Recorded data:

===============

(* twice the signed (shoelace) area; its sign is the orientation of the
   traversal A -> B -> C -> D -> A *)
Definition signed_area2 (A B C D : pt) : R :=
  cross A B + cross B C + cross C D + cross D A.

(* For a simple (non-self-intersecting) quadrangle, the interior angle at a
   vertex is < pi iff the turn there (cross of incoming and outgoing edge
   vectors) has the same sign as the orientation of the quadrangle. *)
Definition interior_angles_lt_pi (A B C D : pt) : Prop :=
  let o := signed_area2 A B C D in
  0 < cross (psub A D) (psub B A) * o /\
  0 < cross (psub B A) (psub C B) * o /\
  0 < cross (psub C B) (psub D C) * o /\
  0 < cross (psub D C) (psub A D) * o.

Definition convex (A B C D : pt) : Prop :=
  nondegenerate A B C D /\ ~ self_intersecting A B C D /\
  interior_angles_lt_pi A B C D.

Definition nonconvex (A B C D : pt) : Prop :=
  nondegenerate A B C D /\ ~ self_intersecting A B C D /\
  ~ convex A B C D.

Definition same_sign (x y : R) : Prop := 0 < x * y.

(* u1..u4 are square roots of the edge vectors of ABCD chosen with the sign
   rule of the associated plane. *)
Definition admissible_roots (A B C D u1 u2 u3 u4 : pt) : Prop :=
  csq u1 = psub B A /\ csq u2 = psub C B /\
  csq u3 = psub D C /\ csq u4 = psub A D /\
  same_sign (cross u1 u2) (cross (psub B A) (psub C B)) /\
  same_sign (cross u2 u3) (cross (psub C B) (psub D C)) /\
  same_sign (cross u3 u4) (cross (psub D C) (psub A D)).

Definition dot4 (x1 x2 x3 x4 y1 y2 y3 y4 : R) : R :=
  x1 * y1 + x2 * y2 + x3 * y3 + x4 * y4.

(* (c,d) is an orthonormal basis of the orthogonal complement of
   span(a,b) in R^4, where a = (Re u_k)_k, b = (Im u_k)_k.  (Since a, b are
   orthonormal, any orthonormal pair orthogonal to both is a basis of the
   2-dimensional complement.) *)
Definition dual_basis (u1 u2 u3 u4 : pt) (c1 c2 c3 c4 d1 d2 d3 d4 : R) : Prop :=
  let a1 := fst u1 in let a2 := fst u2 in let a3 := fst u3 in let a4 := fst u4 in
  let b1 := snd u1 in let b2 := snd u2 in let b3 := snd u3 in let b4 := snd u4 in
  dot4 c1 c2 c3 c4 c1 c2 c3 c4 = 1 /\
  dot4 d1 d2 d3 d4 d1 d2 d3 d4 = 1 /\
  dot4 c1 c2 c3 c4 d1 d2 d3 d4 = 0 /\
  dot4 c1 c2 c3 c4 a1 a2 a3 a4 = 0 /\
  dot4 c1 c2 c3 c4 b1 b2 b3 b4 = 0 /\
  dot4 d1 d2 d3 d4 a1 a2 a3 a4 = 0 /\
  dot4 d1 d2 d3 d4 b1 b2 b3 b4 = 0.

===============

WHAT TO DO: Could you transcribe the entries above word for word, from the line with "vertex is <" down to the line with "0 < cross (psub B A) (psub C B) * o /\", keeping both?

RESPONSE TO THE TASK:
   vertex is < pi iff the turn there (cross of incoming and outgoing edge
   vectors) has the same sign as the orientation of the quadrangle. *)
Definition interior_angles_lt_pi (A B C D : pt) : Prop :=
  let o := signed_area2 A B C D in
  0 < cross (psub A D) (psub B A) * o /\
  0 < cross (psub B A) (psub C B) * o /\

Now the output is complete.